SECTION 3. Effectiveness. This Amendment shall become effective as of the date (the “Amendment Effective Date”) when the Administrative Agent (or its counsel) shall have received copies hereof that, when taken together, bear the signatures of the Borrowers and the Required Lenders.
SECTION 4. Applicable Law.THIS AMENDMENT SHALL BE CONSTRUED IN ACCORDANCE WITH AND GOVERNED BY THE LAW OF THE STATE OF NEW YORK.
SECTION 5. No Other Amendments. Except as expressly set forth herein, this Amendment shall not by implication or otherwise limit, impair, constitute a waiver of, or otherwise affect the rights and remedies of any party under, the Credit Agreement, nor alter, modify, amend or in any way affect any of the terms, conditions, obligations, covenants or agreements contained in the Credit Agreement, all of which are ratified and affirmed in all respects and shall continue in full force and effect.

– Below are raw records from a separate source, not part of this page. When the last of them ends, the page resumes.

(* Let $m\ge1$. For $q\in[0,1/m]$ let $G(m,q)=(1-(m-1)q)\,H\!\left(\frac{q}{1-(m-1)q}\right)$, where $H(x)=-x\log_2x-(1-x)\log_2(1-x)$ is the binary entropy function (with $H(0)=H(1)=0$). For $n\ge1$ and $q$ let $\mathcal T_n^{(q)}=\{\mathbf s\in\mathcal S_n:\ \#\{k:s_k=-\}=nq\}$. Then there is a sequence $\epsilon_m(n)$ with $\epsilon_m(n)\to0$ as $n\to\infty$, not depending on $q$, such that for all $n\ge1$ and all $q\in[0,1/m]$ with $nq\in\mathbb Z$, $$|\mathcal T_n^{(q)}|<2^{\,n\,(G(m,q)+\epsilon_m(n))}.$$
   Context: Fix an integer $m\ge1$. Define integers $N(n)$ by $N(n)=1$ for $1-m\le n\le 0$ and $N(n)=N(n-1)+N(n-m)$ for $n\ge1$; write $\mathbb N_n=\{1,\dots,N(n)\}$ (so $\mathbb N_n=\{1\}$ for $n\le 0$, and $\mathbb N_{n-m}\subseteq\mathbb N_{n-1}$). Define vectors $\mathbf s_n^{(i)}\in\{+,-,\bigstar\}^n$ for $n\ge0$, $i\in\mathbb N_n$, recursively: $\mathbf s_0^{(1)}$ is the empty vector, and for $n\ge1$: $\mathbf s_n^{(j)}=(\mathbf s_{n-1}^{(j)},+)$ and $\mathbf s_n^{(j+N(n-1))}=(\mathbf s_{n-1}^{(j)},-)$ for $j\in\mathbb N_{n-m}$, while $\mathbf s_n^{(j)}=(\mathbf s_{n-1}^{(j)},\bigstar)$ for $j\in\mathbb N_{n-1}\setminus\mathbb N_{n-m}$. Let $\mathcal S_n=\{\mathbf s_n^{(i)}:i\in\mathbb N_n\}$ for $n\ge1$. *)

From Stdlib Require Import Reals Lra Lia Arith List.
Import ListNotations.
Open Scope R_scope.

Inductive sgn : Set := Plus | Minus | Star.

Definition sgn_eq_dec : forall x y : sgn, {x = y} + {x <> y}.
Proof. decide equality. Defined.

Definition vec_eq_dec : forall x y : list sgn, {x = y} + {x <> y} :=
  list_eq_dec sgn_eq_dec.

(* Ntab m n = [N(0); N(1); ...; N(n)], with N(n) = 1 for 1-m <= n <= 0 and
   N(n) = N(n-1) + N(n-m).  Since N(k) = 1 for all k <= 0, the value N(n-m)
   can be read with truncated natural subtraction: N(n - m) = N(max(n-m,0)). *)
Fixpoint Ntab (m n : nat) : list nat :=
  match n with
  | O => [1%nat]
  | S k => let t := Ntab m k in
           t ++ [(nth k t 1 + nth (S k - m) t 1)%nat]
  end.

Definition Nf (m n : nat) : nat := nth n (Ntab m n) 1%nat.

(* Slist m n = [s_n^(1); ...; s_n^(N(n))] (vectors as lists of length n,
   entry k of the list is s_k, 0-based). *)
Fixpoint Slist (m n : nat) : list (list sgn) :=
  match n with
  | O => [[]]
  | S k =>
      let prev := Slist m k in
      let bound := Nf m (S k - m) in
      map (fun p : nat * list sgn =>
             if (fst p <=? bound)%nat then snd p ++ [Plus] else snd p ++ [Star])
          (combine (seq 1 (length prev)) prev)
      ++ map (fun v => v ++ [Minus]) (firstn bound prev)
  end.

(* |T_n^(q)| where nq = k : the number of distinct s in S_n with exactly k
   entries equal to -. *)
Definition Tcard (m n k : nat) : nat :=
  length (nodup vec_eq_dec
    (filter (fun s => Nat.eqb (count_occ sgn_eq_dec s Minus) k) (Slist m n))).

Definition xlog2x (x : R) : R :=
  if Req_EM_T x 0 then 0 else x * (ln x / ln 2).

Definition Hb (x : R) : R := - xlog2x x - xlog2x (1 - x).

Definition Gmq (m : nat) (q : R) : R :=
  (1 - (INR m - 1) * q) * Hb (q / (1 - (INR m - 1) * q)).

(** The recursion defining [S_n] appends [+] or [★] to every vector of [S_(n-1)]
    and [-] to the first [N(n-m)] of them, which extend the vectors of [S_(n-m)]
    without adding minus signs.  Hence the number [c(n,k)] of vectors of [S_n] with [k] minus signs
    obeys the Pascal-like recursion [c(n+1,k+1) = c(n,k+1) + c(n+1-m,k)], and
    induction gives [c(n,k) <= binom(M + m - 1, k)] with [M = n - (m-1)k].
    Lowering the top argument by [m-1] costs at most a factor [(n+m)^(m-1)], and
    [binom(M,k) p^k (1-p)^(M-k) <= 1] with [p = k/M] yields
    [binom(M,k) <= 2^(M H(k/M)) = 2^(n G(m,q))].  The polynomial factor is
    absorbed by [eps_m(n) = O(log n / n)]. *)
From Stdlib Require Import Reals List Lia Arith Lra.
From Coquelicot Require Import Coquelicot.
Import ListNotations.
Open Scope R_scope.

Definition minus_count (s : list sgn) : nat := count_occ sgn_eq_dec s Minus.

Definition minus_counts (m n : nat) : list nat := map minus_count (Slist m n).

Lemma minus_count_app_other s x : x <> Minus -> minus_count (s ++ [x]) = minus_count s.
Proof.
  intros Hx. unfold minus_count. rewrite count_occ_app. simpl.
  destruct (sgn_eq_dec x Minus); [congruence | lia].
Qed.

Lemma minus_count_app_Minus s : minus_count (s ++ [Minus]) = S (minus_count s).
Proof. unfold minus_count. rewrite count_occ_app. simpl. lia. Qed.

Lemma length_filter_eqb {A : Type} (f : A -> nat) (l : list A) (k : nat) :
  length (filter (fun x => Nat.eqb (f x) k) l) = count_occ Nat.eq_dec (map f l) k.
Proof.
  induction l as [|x l IH]; simpl; [reflexivity|].
  destruct (Nat.eqb_spec (f x) k), (Nat.eq_dec (f x) k); simpl; congruence.
Qed.

Fixpoint binom (n k : nat) : nat :=
  match k, n with
  | O, _ => 1
  | S _, O => 0
  | S k', S n' => binom n' k' + binom n' (S k')
  end.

This Amendment shall apply and be effective only with respect to the provisions of the Credit Agreement specifically referred to herein. This Amendment shall constitute a “Loan Document” for all purposes of the Credit Agreement and the other Loan Documents.
SECTION 6. Counterparts. This Amendment may be executed in two or more counterparts, each of which shall constitute an original, but all of which when taken together shall constitute but one contract. Delivery of an executed counterpart of a signature page of this Amendment by facsimile transmission shall be as effective as delivery of a manually executed counterpart of this Amendment.
SECTION 7. Headings. Section headings used herein are for convenience of reference only, are not part of this Amendment and are not to affect the construction of, or to be taken into consideration in interpreting, this Amendment.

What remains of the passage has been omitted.